Ray, now 22, coaches at the USTA National Tennis Center in New York. The opportunity required leaving home and comfort, but the grant helped him pursue the path he wanted, where he wanted, with continued mentorship shaping his growth.

 

For both coaches, the mission extends beyond individual success. Representation matters. Access matters. They’re building programs that widen who can play tennis, and who keeps playing tennis. 

 

The Fellowship represents the bridge between potential and professional. It’s a rigorous 12-week program in Orlando, Fla.,  designed to train aspiring coaches in all aspects of foundational coaching and leadership, where participants work toward their USTA Coaching Professional Certification.


Diversifying the Industry

The ultimate goal of the Dinkins Grant is to encourage HBCU players to become coaches, providing a valuable personal and professional development opportunity, and an important step to a potential career path in tennis.
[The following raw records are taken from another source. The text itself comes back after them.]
Let grading_map_spec : exists phi : U -> endo U,
  [/\ alg_morph phi, forall x, phi (m x) = m_laurent x & forall x, phi (h x) = h_laurent x].
Proof. by have [phi [phiA phim phih _]] := envU.2 _ _ _ PEA_relations_laurent; exists phi. Qed.

(* [grading_map u] is [\sum_i u_i t^i] in [U[t, t^-1]] *)
Definition grading_map : U -> endo U := proj1_sig (cid grading_map_spec).

Let grading_mapP := proj2_sig (cid grading_map_spec).
Let phiL : klinear grading_map. Proof. by case: grading_mapP => -[]. Qed.
Let phiM u v : grading_map (u * v) = grading_map u * grading_map v.
Proof. by case: grading_mapP => -[]. Qed.
Let phi1 : grading_map 1 = 1. Proof. by case: grading_mapP => -[]. Qed.
Let phim x : grading_map (m x) = m_laurent x. Proof. by case: grading_mapP. Qed.
Let phih x : grading_map (h x) = h_laurent x. Proof. by case: grading_mapP. Qed.

Definition Ugrading (i : int) (u : U) : Prop := grading_map u = monomial i u.

Lemma Ugrading_subspace i : is_subspace (Ugrading i).
Proof.
split=> [|a u v]; first by rewrite /Ugrading (klinear0 phiL) (klinear0 (@monomial_klinear _ _ i)).
by rewrite /Ugrading phiL monomial_klinear => -> ->.
Qed.

Lemma Ugrading_mul i j u v : Ugrading i u -> Ugrading j v -> Ugrading (i + j) (u * v).
Proof. by rewrite /Ugrading phiM => -> ->; rewrite monomialM. Qed.

Lemma Ugrading_one : Ugrading 0 1.
Proof. by rewrite /Ugrading phi1 monomial01. Qed.

Lemma Ugrading_degrees : PEA_degrees m h GA Ugrading d.
Proof. by move=> i x Gx; rewrite /Ugrading phim phih (m_laurent_homog Gx) (h_laurent_homog Gx). Qed.

Lemma Ugrading_has_dec (P : int -> U -> Prop) :
  P 0 1 -> (forall i (a : k) v, P i v -> P i (a *: v)) ->
  (forall i j u v, Ugrading i u -> Ugrading j v -> P i u -> P j v -> P (i + j) (u * v)) ->
  (forall i x, GA i x -> P i (m x) /\ P (i + d) (h x)) ->
  forall u, has_dec Ugrading P u.
Proof.
move=> P1 PZ PM Pgen u; apply: (enveloping_ind envU).
- exact: has_dec_homog Ugrading_one P1.
- exact: has_decD.
- by move=> a v; apply: (@has_decZ _ _ _ Ugrading_subspace P a v (fun i => PZ i a)).
- by move=> v w; apply: (@has_decM _ _ _ Ugrading_mul P v w PM).
- move=> x; have [l [Gl ->]] := graded_dec_exists GA_graded x.
  rewrite (klinear_sum mL); apply: has_dec_sum => p /Gl Gp.
  by apply: has_dec_homog (proj1 (Ugrading_degrees Gp)) (proj1 (Pgen _ _ Gp)).
- move=> x; have [l [Gl ->]] := graded_dec_exists GA_graded x.
  rewrite (klinear_sum hL); apply: has_dec_sum => p /Gl Gp.
  by apply: has_dec_homog (proj2 (Ugrading_degrees Gp)) (proj2 (Pgen _ _ Gp)).
Qed.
This grant reinforces the tennis industry’s commitment to supporting HBCU collegiate tennis and increasing diversity among certified coaching professionals. By funding HBCU programs and providing free certification pathways, USTA Coaching is intentionally diversifying the workforce.

 

Ray and Deang are the next generation of leaders and stewards in this sport. Ray is helping shape the next generation of players in New York, while Deang is making tennis more open and accessible in South Carolina.

 

The USTA Dinkins Grant program is continuing to expand, ensuring that the path from the HBCU courts to the coaching ranks remains open.